Ancient Egyptian treasurer (died 1192 BC)

Bay, also called Ramesse Khamenteru (died 1192 BC), was an important Asiatic official in ancient Egypt, who rose to prominence and high office under Seti II Userkheperure Setepenre and later became an influential powerbroker in the closing stages of the 19th Dynasty. Bay's foreign origins and unusual "kingmaker" status may relate to near-contemporary references to a man named Irsu (alt. Arsu, Iarsu, Yarsu) mentioned in the Great Harris Papyrus. However, the association remains a matter of debate among specialists.

Bay's importance is emphasized by the fact that he was given permission, possibly by Seti II but more probably by Siptah, to construct his own tomb in Egypt's Valley of the Kings (KV13). His tomb was clearly constructed as part of a triad of tombs, including that of the Pharaoh Siptah and Queen Twosret. This was an unprecedented privilege, the likes of which were rarely accorded to a commoner, let alone a foreigner (though previous exceptions, such as that of Yuya, have occurred). It is possible that Bay was accorded this tomb because he was a relation of Siptah's mother, a Canaanite concubine of Seti II, or perhaps even of Amenmesse. His tomb was later usurped under the Twentieth Dynasty by princes Amenhirkopshef, a son of Ramesses III, and Mentuherkhepshef, a son of Ramesses VI.

==Origins and career==
Bay is called a Syrian (Hurru = Hurrian or Harran-born) Asiatic. While his precise background is unknown except for his Syrian origins, Bay is first attested as scribe and butler, an important position in Egypt, during the reign of Seti II. However, Bay probably entered Egypt's civil administration earlier under a previous pharaoh-either Merneptah, Seti II's father, or Ramesses II.

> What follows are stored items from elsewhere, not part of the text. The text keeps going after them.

Definition ntrans (A : {set F}) (b : F) : nat :=
  #|[set g : {ffun {set F} -> 'I_p} | \sum_(x in translate g @: A) x == b]|.

Definition shift (C0 : {set F}) (a : nat) (g : {ffun {set F} -> 'I_p}) :
    {ffun {set F} -> 'I_p} :=
  [ffun C => if C == C0 then Ordinal (ltn_pmod (val (g C) + a) p_gt0) else g C].

Lemma shift_inj C0 a : injective (shift C0 a).
Proof.
move=> g1 g2 /ffunP e; apply/ffunP => C; move: (e C); rewrite !ffunE.
case: eqP => // _ /(congr1 val) /= /eqP.
by rewrite eqn_modDr !modn_small // => /eqP e'; exact: val_inj.
Qed.

Lemma sum_translate_shift C0 a g (A : {set F}) :
  \sum_(x in translate (shift C0 a g) @: A) x =
  \sum_(x in translate g @: A) x + (a * #|[set x in A | cls x == C0]|)%:R.
Proof.
rewrite !sum_translate -!addrA; congr (_ + _).
rewrite (bigID (fun x => cls x == C0)) [in RHS](bigID (fun x => cls x == C0)) /=.
rewrite addrAC; congr (_ + _); last first.
  by apply: eq_bigr => x /andP[_ /negbTE h]; rewrite ffunE h.
rewrite natrM mulr_natr -sumr_const.
have -> : \sum_(x in [set x in A | cls x == C0]) (a%:R : F) =
          \sum_(x in A | cls x == C0) a%:R by apply: eq_bigl => x; rewrite inE.
rewrite -big_split /=; apply: eq_bigr => x /andP[_ /eqP ->].
by rewrite ffunE eqxx /= natr_modp natrD.
Qed.

Lemma partial_cls (A : {set F}) :
  ~~ saturated A -> exists C0, (0 < #|[set x in A | cls x == C0]| < p)%N.
Proof.
case/forall_inPn => x0 x0A nC; exists (cls x0).
set B := [set x in A | _].
have B_gt0 : (0 < #|B|)%N by apply/card_gt0P; exists x0; rewrite inE x0A eqxx.
have BC0 : B \subset cls x0.
  by apply/subsetP => x; rewrite inE => /andP[_ /eqP <-]; exact: cls_refl.
rewrite B_gt0 ltn_neqAle -{2}(card_cls x0) subset_leq_card // andbT.
apply: contra nC; rewrite -(card_cls x0) => /eqP BC0e.
have <- : B = cls x0 by apply/eqP; rewrite eqEcard BC0 BC0e leqnn.
by apply/subsetP => x; rewrite inE => /andP[].
Qed.

Lemma natr_neg_inverse n : (0 < n < p)%N -> exists a : nat, (a * n)%:R = -1 :> F.
Proof.
case/andP => n_gt0 n_lt.
have cop : coprime n p by rewrite coprime_sym prime_coprime // gtnNdvd.
case: (Bezoutr n p_gt0) => a _.
rewrite (eqP cop) (dvdn_pcharf hp) natrD => /eqP ea.
by exists a; apply/eqP; rewrite -subr_eq0 opprK addrC ea.
Qed.

(* For A not a union of cosets, the g giving sum 1 and those giving sum 0
   are in bijection: shift on a partially met coset. *)
Lemma ntrans_not_saturated (A : {set F}) :
  ~~ saturated A -> ntrans A 1 = ntrans A 0.
Proof.
case/partial_cls => C0 /natr_neg_inverse[a ea].
rewrite /ntrans -[RHS](card_preimset _ (@shift_inj C0 a)); apply: eq_card => g.
by rewrite !inE sum_translate_shift ea subr_eq0.
Qed.

Definition Gunion (k : nat) (b : F) : nat :=
  #|[set A : {set F} | [&& saturated A, #|A| == k & \sum_(x in A) x == b]]|.

(* Every g permutes the k-sets, so counting pairs (A, g) with sum(g.A) = b
   gives |group| * S(k,b). *)
Lemma sum_ntrans k b :
  (\sum_(A : {set F} | #|A| == k) ntrans A b =
   #|{ffun {set F} -> 'I_p}| * Sall k b)%N.
Proof.
rewrite /ntrans; under eq_bigr => A _ do rewrite -sum1_card.
rewrite (exchange_big_dep predT) //= -sum_nat_const; apply: eq_bigr => g _.
rewrite sum1_card /Sall.
rewrite -(card_preimset _ (imset_inj (@translate_inj g))); apply: eq_card => A.
by rewrite -topredE /= !inE card_imset //; exact: translate_inj.
Qed.

(* Unions of cosets are fixed by every g, so they contribute |group| * G(k,b). *)
Lemma sum_ntrans_saturated k b :
  (\sum_(A : {set F} | #|A| == k) ntrans A b =
   \sum_(A : {set F} | (#|A| == k) && ~~ saturated A) ntrans A b +
   #|{ffun {set F} -> 'I_p}| * Gunion k b)%N.
Proof.
rewrite (bigID saturated) /= addnC; congr (_ + _)%N.
rewrite mulnC -sum_nat_const.
rewrite [RHS](eq_bigl (fun A : {set F} =>
                 ((#|A| == k) && saturated A) && (\sum_(x in A) x == b)));
  last by move=> A; rewrite inE; case: (saturated A); case: (#|A| == k).
rewrite [RHS]big_mkcondr; apply: eq_bigr => A /andP[_ satA].
rewrite /ntrans; case: eqP => [eb | neb].
  by apply: eq_card => g; rewrite !inE translate_saturated // eb eqxx.
by apply: eq_card0 => g; rewrite !inE translate_saturated //; exact/eqP.
Qed.

(* The non-unions cancel between b = 1 and b = 0 (ntrans_not_saturated). *)
Lemma Sall_Gunion k :
  (Sall k (1%R : F) + Gunion k 0%R = Sall k (0%R : F) + Gunion k 1%R)%N.
Proof.
have cG : (0 < #|{ffun {set F} -> 'I_p}|)%N.
  by rewrite card_ffun card_ord expn_gt0 p_gt0.
apply/eqP; rewrite -(eqn_pmul2l cG) !mulnDr -!sum_ntrans !sum_ntrans_saturated.
rewrite -!addnA; apply/eqP; congr (_ + _)%N; last by rewrite addnC.
by apply: eq_bigr => A /andP[_ nsatA]; apply: ntrans_not_saturated.
Qed.

(* A union of cosets has size p j and sum j * sum_Fp, j its number of cosets. *)
Lemma Gunion_val k b : Gunion k b =
  if (p %| k)%N && ((k %/ p)%:R * sum_Fp == b)
  then 'C(#|F| %/ p, k %/ p) else 0%N.
Proof.
have parts_k A : saturated A -> #|A| = k -> #|cls_parts A| = (k %/ p)%N.
  by move=> satA <-; rewrite saturated_card // mulKn.
rewrite /Gunion; case: ifP => [/andP[pk /eqP sb] | nkb]; last first.
  apply: eq_card0 => A; rewrite !inE; apply/negP => /and3P[satA /eqP Ak /eqP Ab].
  move: nkb; rewrite -Ab saturated_sum // parts_k //.
  by rewrite -Ak saturated_card // dvdn_mulr ?eqxx.
rewrite -card_saturated mulnC divnK //; apply: eq_card => A; rewrite !inE.
apply/and3P/andP => [[] | [satA /eqP Ak]] //; split => //; first exact/eqP.
by rewrite saturated_sum // parts_k // sb.
Qed.

Lemma Sall_diff k : (Sall k (1 : F))%:Z - (Sall k (0 : F))%:Z =
  if (p %| k)%N then - ((-1) ^+ (k + k %/ p) * ('C(#|F| %/ p, k %/ p))%:Z) else 0.
Proof.
have -> : (Sall k (1 : F))%:Z - (Sall k (0 : F))%:Z =
          (Gunion k 1)%:Z - (Gunion k 0)%:Z.
  apply/eqP; rewrite subr_eq addrAC eq_sym subr_eq -!PoszD; apply/eqP.
  by congr Posz; rewrite addnC Sall_Gunion addnC.
rewrite !Gunion_val; have [pk | npk] := boolP (p %| k)%N; last first.
  by rewrite /= subrr.
have kj : k = (p * (k %/ p))%N by rewrite mulnC divnK.
set j := (k %/ p)%N.
have one0 : (1 : F) != 0 := oner_neq0 F.
case: (even_prime p_prime) => [p2 | p_odd].
  have -> : sum_Fp = 1 by rewrite sum_Fp_bin2 p2.
  have -> : j%:R = (odd j)%:R :> F by rewrite -modn2 -[in LHS]natr_modp p2.
  rewrite mulr1 -signr_odd kj p2 oddD oddM /=.
  case: (odd j) => /=; first by rewrite eqxx (negbTE one0) subr0 mulN1r opprK.
  by rewrite eq_sym (negbTE one0) eqxx sub0r expr0 mul1r.
have -> : sum_Fp = 0.
  rewrite sum_Fp_bin2; apply/eqP; rewrite -(dvdn_pcharf hp) prime_dvd_bin //.
  by rewrite odd_prime_gt2.
rewrite mulr0 eq_sym (negbTE one0) eqxx sub0r -signr_odd kj oddD oddM p_odd /=.
by rewrite addbb expr0 mul1r.
Qed.

End PrimeCosets.

Section Conclusion.
Variables (F : finFieldType) (p : nat).
Hypothesis hp : p \in [pchar F].

Definition dstar (k : nat) : int :=
  (Nset (@Fstar F) k 1)%:Z - (Nset (@Fstar F) k 0)%:Z.

Lemma dstar0 : dstar 0 = -1.
Proof. by rewrite /dstar !Nset0 eqxx (negbTE (oner_neq0 F)). Qed.

Lemma dk_dstar k : dk F k = (k`!)%:Z * dstar k.
Proof.
case: k => [|k]; first by rewrite dstar0.
by rewrite /dk !Mcount_Nset !PoszM -mulrBr.
Qed.

Lemma dstar_rec k :
  dstar k.+1 = (Sall k.+1 (1 : F))%:Z - (Sall k.+1 (0 : F))%:Z - dstar k.
Proof. by rewrite !Sall_split // /dstar /= !PoszD opprD addrACA addrK. Qed.

Lemma dstar_val k :
  dstar k = - ((-1) ^+ (k + k %/ p) * ('C(#|F| %/ p - 1, k %/ p))%:Z).
Proof.
elim: k => [|k IH]; first by rewrite dstar0 div0n bin0 mul1r.
rewrite dstar_rec (Sall_diff hp) IH divnS ?(prime_gt0 (pcharf_prime hp)) //.
have mS : (#|F| %/ p = (#|F| %/ p - 1).+1)%N.
  by rewrite subn1 prednK // (card_Pcls_gt0 hp).
case: ifP => pk /=; last first.
  by rewrite add0n sub0r opprK addSn exprS mulN1r mulNr opprK.
rewrite pk add1n {1}mS binS PoszD !addSn !addnS !exprS !mulN1r !opprK mulrDr.
by rewrite opprD -addrA addNr addr0.
Qed.

End Conclusion.

Unset Implicit Arguments.

Theorem corollary2p5 (F : finFieldType) (p k : nat)
  (hp : p \in [pchar F]) (hk : (k <= #|F| - 1)%N) :
  dk F k = - ((-1) ^+ (k + k %/ p) * (k`! * 'C(#|F| %/ p - 1, k %/ p))%:Z).
Proof.
by rewrite dk_dstar (dstar_val hp) PoszM mulrN mulrCA.
Qed.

Indeed, Bay's first official position may have been that of a priest in the temple at Heliopolis, where a small statue of him has been found. By the time of the death of Seti II, Bay had risen to the post of Chancellor and played the role of "kingmaker." Bay's status at Siptah's court was so great that on several of the young king's monuments, "the chancellor is shown in scenes with the pharaoh on the same scale as the latter, the earliest occasion in which a commoner was depicted in such a manner." Furthermore, Bay explicitly claims, in several inscriptions with reference to Siptah, that it was he who established the king "on the throne of his father" without providing further details on how this came about. Bay was also included in the cult of the mortuary temple of Siptah in Year 3 of the latter's reign. During the same period the tomb of Queen Twosret, KV14 was also started, and built as part of a threesome with those of Siptah and Bay. The tombs of Bay and Twosret (2nd building phase) are smaller copies of the royal tomb.

Images of Bay exist showing him standing behind the throne of Pharaoh Siptah, an unusual position for a commoner, and also opposite Twosret on the doorjamb of the Amada temple where he faces the queen. Tablets unearthed by excavators at Ras Shamra prove Ugarit was communicating with Bay of Egypt (RS 86.2230), who described himself the "head of the bodyguard of the Great King, the King of Egypt".

Like Siptah's and Twosret's, Bay's name was later removed from the tomb, probably by the new Pharaohs of the 20th Dynasty, who did not recognise his legitimacy, nor that of any of the late 19th Dynasty monarchs who ruled after Seti II, including Siptah and Amenmesse. If tradition is to be believed, Bay enjoyed an evil reputation: he reportedly seduced Twosret, who then gave him full control over Egypt's treasury. Some even speculate that during this period Bay and Twosret were lovers; though it is also hypothesized that for a powerful man to be involved with a vulnerable young woman, the relationship may not have been consensual. But this speculation is unlikely, since Bay died in Siptah's Year 5, at least two years before Twosret assumed the throne.

==Fate==

While it was previously assumed that Bay served under Twosret and may even have attempted to usurp the throne on her demise, a newly discovered ostracon published by Pierre Grandet in BIFAO 100 titled "L'execution du chancelier Bay O. IFAO 1864," (BIFAO 100 [2000]: pp. 339–345), reveals otherwise. According to the information in Ostraca IFAO 1864, which is composed of two inscribed potsherd fragments that were reunited in February 2000, Bay was executed on or shortly before Year 5, III Shemu day 27 of Siptah, on the king's orders. The recto of the ostracon is essentially a public announcement to the workmen of Deir el-Medina and reads thus:
 Year 5 III Shemu the 27th. On this day, the scribe of the tomb Paser came announcing 'Pharaoh LPH, has killed the great enemy Bay. (smꜣ Pr-ꜥꜣ ꜥ.w.s. ḫrw ꜥꜣ Bꜣy)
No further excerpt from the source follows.